Exactly reproduce the lines from the top of the entries below through the line containing "- have [eC eD]", with both ends included.

■ **Saved data entries**:
——————
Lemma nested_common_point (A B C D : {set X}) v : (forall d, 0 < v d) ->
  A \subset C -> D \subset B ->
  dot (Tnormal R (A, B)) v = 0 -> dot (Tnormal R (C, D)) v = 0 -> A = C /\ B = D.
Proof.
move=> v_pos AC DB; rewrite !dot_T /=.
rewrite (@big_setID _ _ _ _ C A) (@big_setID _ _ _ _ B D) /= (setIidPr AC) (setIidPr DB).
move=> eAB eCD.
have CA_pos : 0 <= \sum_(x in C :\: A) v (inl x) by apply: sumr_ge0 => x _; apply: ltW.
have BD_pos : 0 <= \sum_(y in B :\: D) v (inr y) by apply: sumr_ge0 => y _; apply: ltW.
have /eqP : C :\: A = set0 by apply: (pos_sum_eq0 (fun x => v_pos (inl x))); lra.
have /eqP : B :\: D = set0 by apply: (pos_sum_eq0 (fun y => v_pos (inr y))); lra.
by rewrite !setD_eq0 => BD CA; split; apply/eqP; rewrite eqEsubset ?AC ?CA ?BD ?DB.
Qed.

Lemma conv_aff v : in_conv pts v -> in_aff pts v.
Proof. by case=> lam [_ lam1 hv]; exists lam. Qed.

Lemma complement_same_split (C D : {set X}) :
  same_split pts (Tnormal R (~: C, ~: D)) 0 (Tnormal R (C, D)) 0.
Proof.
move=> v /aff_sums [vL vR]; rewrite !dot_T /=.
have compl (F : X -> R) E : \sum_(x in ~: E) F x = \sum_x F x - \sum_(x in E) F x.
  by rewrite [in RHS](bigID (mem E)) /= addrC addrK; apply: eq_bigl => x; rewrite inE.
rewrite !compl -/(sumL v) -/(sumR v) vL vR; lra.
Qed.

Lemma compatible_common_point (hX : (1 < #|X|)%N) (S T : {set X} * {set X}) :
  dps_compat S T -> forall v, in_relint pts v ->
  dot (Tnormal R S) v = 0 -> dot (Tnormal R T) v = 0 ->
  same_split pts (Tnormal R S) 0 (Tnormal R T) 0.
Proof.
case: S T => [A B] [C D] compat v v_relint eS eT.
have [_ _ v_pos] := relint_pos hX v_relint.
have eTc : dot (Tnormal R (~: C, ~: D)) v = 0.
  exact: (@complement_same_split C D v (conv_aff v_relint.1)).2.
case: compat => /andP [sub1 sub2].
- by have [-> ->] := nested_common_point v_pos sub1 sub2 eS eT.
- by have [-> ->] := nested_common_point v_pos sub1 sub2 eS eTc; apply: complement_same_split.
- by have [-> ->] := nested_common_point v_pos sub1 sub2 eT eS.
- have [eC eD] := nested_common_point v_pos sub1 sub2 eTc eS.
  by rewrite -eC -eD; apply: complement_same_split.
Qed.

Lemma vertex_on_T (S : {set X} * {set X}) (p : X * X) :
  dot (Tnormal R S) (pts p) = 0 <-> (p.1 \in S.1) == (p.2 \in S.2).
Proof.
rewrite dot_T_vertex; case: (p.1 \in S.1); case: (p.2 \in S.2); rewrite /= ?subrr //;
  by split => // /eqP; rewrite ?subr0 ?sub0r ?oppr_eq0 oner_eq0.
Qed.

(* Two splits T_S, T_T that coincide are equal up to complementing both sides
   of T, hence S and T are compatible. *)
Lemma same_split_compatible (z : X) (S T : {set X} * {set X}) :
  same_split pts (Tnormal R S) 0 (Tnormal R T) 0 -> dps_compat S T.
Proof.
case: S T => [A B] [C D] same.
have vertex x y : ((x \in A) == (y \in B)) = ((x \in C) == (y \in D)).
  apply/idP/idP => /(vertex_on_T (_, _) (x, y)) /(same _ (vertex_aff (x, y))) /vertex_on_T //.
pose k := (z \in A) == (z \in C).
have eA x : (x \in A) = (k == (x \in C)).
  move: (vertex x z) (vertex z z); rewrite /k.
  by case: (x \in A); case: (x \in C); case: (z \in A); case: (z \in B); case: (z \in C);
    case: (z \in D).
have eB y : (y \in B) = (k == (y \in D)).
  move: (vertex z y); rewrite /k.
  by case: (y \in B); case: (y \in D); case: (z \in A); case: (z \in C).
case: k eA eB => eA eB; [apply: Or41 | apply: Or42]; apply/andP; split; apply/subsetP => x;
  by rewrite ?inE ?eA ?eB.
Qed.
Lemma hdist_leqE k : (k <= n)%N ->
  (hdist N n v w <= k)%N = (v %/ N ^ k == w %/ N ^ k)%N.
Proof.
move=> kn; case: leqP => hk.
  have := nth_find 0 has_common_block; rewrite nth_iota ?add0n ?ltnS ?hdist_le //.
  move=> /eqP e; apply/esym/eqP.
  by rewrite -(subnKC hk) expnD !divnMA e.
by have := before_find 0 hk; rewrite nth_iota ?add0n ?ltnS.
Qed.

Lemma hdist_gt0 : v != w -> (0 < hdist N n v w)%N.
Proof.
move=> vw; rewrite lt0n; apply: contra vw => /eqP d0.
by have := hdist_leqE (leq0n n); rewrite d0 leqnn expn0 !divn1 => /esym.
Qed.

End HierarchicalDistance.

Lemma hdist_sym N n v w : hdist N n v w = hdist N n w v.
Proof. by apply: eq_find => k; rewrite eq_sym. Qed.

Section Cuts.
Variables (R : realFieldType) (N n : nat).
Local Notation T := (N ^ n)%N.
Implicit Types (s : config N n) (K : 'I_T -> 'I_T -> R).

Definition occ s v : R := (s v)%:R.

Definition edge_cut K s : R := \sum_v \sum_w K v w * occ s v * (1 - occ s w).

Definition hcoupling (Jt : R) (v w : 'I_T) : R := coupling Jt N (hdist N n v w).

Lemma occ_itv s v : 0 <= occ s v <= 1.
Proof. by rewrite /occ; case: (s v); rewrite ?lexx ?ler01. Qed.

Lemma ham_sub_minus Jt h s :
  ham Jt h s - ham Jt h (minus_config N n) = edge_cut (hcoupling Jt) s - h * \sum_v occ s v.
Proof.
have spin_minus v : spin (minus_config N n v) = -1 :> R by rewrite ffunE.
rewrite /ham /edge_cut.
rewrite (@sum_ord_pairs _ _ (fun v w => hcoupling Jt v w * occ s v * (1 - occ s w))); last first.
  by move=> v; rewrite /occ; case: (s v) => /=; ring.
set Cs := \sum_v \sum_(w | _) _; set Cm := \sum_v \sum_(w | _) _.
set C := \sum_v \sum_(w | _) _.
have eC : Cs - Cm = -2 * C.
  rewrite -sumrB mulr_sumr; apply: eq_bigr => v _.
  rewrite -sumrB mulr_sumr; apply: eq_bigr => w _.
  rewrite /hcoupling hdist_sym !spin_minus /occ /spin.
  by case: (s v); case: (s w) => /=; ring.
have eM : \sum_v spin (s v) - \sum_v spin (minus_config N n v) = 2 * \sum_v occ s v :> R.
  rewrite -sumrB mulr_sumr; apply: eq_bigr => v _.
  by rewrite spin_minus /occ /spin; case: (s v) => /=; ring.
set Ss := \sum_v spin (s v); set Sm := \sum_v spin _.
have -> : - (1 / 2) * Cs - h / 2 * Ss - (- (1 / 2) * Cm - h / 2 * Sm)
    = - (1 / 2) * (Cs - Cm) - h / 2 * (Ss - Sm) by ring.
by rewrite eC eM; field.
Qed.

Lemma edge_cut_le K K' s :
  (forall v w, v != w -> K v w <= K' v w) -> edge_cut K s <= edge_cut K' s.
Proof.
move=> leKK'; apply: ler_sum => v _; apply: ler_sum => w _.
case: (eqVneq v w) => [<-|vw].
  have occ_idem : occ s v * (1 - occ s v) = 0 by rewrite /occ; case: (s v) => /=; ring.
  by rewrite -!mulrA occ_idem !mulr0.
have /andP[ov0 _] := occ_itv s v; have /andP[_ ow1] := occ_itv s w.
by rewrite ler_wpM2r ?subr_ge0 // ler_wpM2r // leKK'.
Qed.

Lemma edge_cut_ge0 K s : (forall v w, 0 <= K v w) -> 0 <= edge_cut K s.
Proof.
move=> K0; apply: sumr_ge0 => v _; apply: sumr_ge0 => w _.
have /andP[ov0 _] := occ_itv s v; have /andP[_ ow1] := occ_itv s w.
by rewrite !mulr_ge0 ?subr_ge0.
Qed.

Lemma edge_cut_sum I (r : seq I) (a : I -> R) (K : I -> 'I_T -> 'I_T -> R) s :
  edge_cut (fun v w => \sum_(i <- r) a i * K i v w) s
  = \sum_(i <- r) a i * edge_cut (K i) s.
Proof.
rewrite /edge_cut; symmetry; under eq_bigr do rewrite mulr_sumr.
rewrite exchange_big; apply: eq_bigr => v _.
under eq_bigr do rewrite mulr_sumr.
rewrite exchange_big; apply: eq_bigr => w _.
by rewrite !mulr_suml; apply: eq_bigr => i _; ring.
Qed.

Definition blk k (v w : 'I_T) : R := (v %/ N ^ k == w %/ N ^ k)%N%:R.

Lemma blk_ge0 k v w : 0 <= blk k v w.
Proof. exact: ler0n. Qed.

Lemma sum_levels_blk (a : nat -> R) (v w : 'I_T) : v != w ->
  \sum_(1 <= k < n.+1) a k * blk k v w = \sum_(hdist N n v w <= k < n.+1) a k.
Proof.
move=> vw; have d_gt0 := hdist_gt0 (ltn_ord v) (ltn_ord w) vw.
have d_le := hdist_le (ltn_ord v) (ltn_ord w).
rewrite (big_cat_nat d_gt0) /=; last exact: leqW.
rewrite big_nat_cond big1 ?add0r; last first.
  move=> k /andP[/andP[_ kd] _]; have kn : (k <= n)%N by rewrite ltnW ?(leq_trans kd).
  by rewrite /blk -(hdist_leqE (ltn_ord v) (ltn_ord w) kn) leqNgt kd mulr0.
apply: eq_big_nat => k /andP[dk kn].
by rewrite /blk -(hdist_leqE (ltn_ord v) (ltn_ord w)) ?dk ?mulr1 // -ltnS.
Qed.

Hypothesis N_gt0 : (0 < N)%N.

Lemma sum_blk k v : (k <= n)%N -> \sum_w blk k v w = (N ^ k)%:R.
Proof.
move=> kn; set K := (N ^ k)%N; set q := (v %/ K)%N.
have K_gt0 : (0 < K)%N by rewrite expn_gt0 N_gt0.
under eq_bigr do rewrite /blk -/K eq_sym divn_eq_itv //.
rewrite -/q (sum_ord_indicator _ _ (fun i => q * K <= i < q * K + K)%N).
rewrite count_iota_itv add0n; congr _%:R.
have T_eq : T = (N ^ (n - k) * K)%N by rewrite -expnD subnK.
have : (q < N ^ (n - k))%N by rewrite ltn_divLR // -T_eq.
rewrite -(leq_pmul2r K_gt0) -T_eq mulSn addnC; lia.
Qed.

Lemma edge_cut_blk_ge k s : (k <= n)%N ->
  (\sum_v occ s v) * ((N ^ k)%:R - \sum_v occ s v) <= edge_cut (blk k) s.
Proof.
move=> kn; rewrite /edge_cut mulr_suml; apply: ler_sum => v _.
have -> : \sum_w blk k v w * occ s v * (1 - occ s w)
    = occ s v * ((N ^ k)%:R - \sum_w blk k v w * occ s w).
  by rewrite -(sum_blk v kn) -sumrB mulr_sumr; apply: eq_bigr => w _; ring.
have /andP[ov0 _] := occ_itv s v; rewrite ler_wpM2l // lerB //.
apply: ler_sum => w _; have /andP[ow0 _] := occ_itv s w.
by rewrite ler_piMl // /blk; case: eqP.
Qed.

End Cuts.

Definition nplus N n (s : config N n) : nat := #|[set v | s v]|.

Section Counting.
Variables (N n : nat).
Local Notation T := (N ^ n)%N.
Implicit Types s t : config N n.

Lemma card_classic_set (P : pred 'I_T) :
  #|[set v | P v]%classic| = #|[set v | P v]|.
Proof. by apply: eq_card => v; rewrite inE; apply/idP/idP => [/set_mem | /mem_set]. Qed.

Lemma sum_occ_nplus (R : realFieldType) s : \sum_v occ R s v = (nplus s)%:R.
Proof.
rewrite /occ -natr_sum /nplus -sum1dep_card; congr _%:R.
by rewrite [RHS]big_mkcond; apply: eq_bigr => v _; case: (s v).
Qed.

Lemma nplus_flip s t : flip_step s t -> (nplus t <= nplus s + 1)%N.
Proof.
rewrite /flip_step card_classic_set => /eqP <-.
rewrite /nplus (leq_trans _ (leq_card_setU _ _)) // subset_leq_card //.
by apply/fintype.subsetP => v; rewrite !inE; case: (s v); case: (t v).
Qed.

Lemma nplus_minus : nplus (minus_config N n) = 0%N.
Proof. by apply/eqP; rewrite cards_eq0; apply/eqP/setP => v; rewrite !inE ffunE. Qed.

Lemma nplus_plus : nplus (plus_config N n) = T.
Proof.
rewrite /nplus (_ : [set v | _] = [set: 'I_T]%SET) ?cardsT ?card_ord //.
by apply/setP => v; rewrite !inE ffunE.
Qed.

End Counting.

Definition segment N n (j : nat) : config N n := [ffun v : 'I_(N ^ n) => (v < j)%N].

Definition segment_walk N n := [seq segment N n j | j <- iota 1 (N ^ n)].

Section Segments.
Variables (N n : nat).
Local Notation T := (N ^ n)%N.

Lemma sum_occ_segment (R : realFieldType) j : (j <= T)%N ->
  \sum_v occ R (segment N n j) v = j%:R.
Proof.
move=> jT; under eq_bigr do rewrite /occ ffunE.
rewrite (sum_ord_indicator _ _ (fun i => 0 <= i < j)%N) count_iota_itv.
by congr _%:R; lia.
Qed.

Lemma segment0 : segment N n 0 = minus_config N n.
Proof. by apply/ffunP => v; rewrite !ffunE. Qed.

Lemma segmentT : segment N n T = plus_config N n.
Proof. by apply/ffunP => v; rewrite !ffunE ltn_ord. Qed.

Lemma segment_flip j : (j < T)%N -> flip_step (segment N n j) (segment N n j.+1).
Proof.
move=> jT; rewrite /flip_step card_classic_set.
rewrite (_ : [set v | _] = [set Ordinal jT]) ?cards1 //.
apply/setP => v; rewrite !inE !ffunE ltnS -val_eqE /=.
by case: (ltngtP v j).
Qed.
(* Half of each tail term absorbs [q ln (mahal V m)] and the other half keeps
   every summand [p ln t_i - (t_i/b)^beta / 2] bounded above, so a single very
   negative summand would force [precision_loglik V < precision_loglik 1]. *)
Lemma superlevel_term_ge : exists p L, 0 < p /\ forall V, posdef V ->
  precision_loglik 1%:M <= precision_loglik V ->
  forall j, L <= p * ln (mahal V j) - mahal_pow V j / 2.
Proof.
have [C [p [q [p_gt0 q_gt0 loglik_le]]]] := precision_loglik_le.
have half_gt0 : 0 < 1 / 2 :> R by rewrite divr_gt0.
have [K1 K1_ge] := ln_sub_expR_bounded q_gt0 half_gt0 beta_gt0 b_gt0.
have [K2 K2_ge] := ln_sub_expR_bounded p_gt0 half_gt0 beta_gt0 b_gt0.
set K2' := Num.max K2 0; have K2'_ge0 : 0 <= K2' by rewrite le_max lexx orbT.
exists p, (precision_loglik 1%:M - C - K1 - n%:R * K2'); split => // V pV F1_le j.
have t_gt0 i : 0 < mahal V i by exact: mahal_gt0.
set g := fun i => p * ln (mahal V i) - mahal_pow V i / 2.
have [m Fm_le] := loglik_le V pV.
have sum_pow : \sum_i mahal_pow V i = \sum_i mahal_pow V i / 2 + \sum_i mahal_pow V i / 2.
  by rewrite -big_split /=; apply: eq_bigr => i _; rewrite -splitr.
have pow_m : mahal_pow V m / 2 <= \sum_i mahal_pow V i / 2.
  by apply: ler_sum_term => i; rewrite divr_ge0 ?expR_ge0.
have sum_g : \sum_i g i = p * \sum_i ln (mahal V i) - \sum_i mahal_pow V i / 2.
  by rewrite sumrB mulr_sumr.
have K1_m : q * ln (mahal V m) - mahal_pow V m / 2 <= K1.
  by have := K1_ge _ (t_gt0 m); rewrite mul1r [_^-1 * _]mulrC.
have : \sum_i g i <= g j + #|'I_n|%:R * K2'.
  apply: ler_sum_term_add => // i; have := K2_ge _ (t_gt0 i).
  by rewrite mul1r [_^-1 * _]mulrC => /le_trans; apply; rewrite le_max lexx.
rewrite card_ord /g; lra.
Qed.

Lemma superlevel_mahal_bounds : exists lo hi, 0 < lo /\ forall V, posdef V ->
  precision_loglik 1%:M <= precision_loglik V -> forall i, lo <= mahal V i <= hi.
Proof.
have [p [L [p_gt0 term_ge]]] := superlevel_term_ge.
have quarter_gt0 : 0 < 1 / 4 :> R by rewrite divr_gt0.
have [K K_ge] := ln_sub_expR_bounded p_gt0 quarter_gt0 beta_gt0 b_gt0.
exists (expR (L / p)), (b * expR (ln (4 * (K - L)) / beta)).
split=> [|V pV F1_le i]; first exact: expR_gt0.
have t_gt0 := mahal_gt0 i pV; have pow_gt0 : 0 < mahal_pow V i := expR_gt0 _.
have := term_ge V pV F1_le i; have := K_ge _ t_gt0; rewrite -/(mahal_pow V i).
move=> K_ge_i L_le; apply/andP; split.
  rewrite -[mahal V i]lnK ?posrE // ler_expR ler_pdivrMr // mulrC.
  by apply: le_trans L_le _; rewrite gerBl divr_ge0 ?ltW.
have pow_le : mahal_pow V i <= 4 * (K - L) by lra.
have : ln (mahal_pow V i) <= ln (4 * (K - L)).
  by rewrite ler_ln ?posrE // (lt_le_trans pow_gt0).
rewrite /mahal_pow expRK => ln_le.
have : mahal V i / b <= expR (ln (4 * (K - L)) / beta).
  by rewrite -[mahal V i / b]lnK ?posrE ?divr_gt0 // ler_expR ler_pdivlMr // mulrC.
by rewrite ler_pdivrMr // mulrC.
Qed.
——————
■ **Written response**:
Lemma nested_common_point (A B C D : {set X}) v : (forall d, 0 < v d) ->
  A \subset C -> D \subset B ->
  dot (Tnormal R (A, B)) v = 0 -> dot (Tnormal R (C, D)) v = 0 -> A = C /\ B = D.
Proof.
move=> v_pos AC DB; rewrite !dot_T /=.
rewrite (@big_setID _ _ _ _ C A) (@big_setID _ _ _ _ B D) /= (setIidPr AC) (setIidPr DB).
move=> eAB eCD.
have CA_pos : 0 <= \sum_(x in C :\: A) v (inl x) by apply: sumr_ge0 => x _; apply: ltW.
have BD_pos : 0 <= \sum_(y in B :\: D) v (inr y) by apply: sumr_ge0 => y _; apply: ltW.
have /eqP : C :\: A = set0 by apply: (pos_sum_eq0 (fun x => v_pos (inl x))); lra.
have /eqP : B :\: D = set0 by apply: (pos_sum_eq0 (fun y => v_pos (inr y))); lra.
by rewrite !setD_eq0 => BD CA; split; apply/eqP; rewrite eqEsubset ?AC ?CA ?BD ?DB.
Qed.

Lemma conv_aff v : in_conv pts v -> in_aff pts v.
Proof. by case=> lam [_ lam1 hv]; exists lam. Qed.

Lemma complement_same_split (C D : {set X}) :
  same_split pts (Tnormal R (~: C, ~: D)) 0 (Tnormal R (C, D)) 0.
Proof.
move=> v /aff_sums [vL vR]; rewrite !dot_T /=.
have compl (F : X -> R) E : \sum_(x in ~: E) F x = \sum_x F x - \sum_(x in E) F x.
  by rewrite [in RHS](bigID (mem E)) /= addrC addrK; apply: eq_bigl => x; rewrite inE.
rewrite !compl -/(sumL v) -/(sumR v) vL vR; lra.
Qed.

Lemma compatible_common_point (hX : (1 < #|X|)%N) (S T : {set X} * {set X}) :
  dps_compat S T -> forall v, in_relint pts v ->
  dot (Tnormal R S) v = 0 -> dot (Tnormal R T) v = 0 ->
  same_split pts (Tnormal R S) 0 (Tnormal R T) 0.
Proof.
case: S T => [A B] [C D] compat v v_relint eS eT.
have [_ _ v_pos] := relint_pos hX v_relint.
have eTc : dot (Tnormal R (~: C, ~: D)) v = 0.
  exact: (@complement_same_split C D v (conv_aff v_relint.1)).2.
case: compat => /andP [sub1 sub2].
- by have [-> ->] := nested_common_point v_pos sub1 sub2 eS eT.
- by have [-> ->] := nested_common_point v_pos sub1 sub2 eS eTc; apply: complement_same_split.
- by have [-> ->] := nested_common_point v_pos sub1 sub2 eT eS.
- have [eC eD] := nested_common_point v_pos sub1 sub2 eTc eS.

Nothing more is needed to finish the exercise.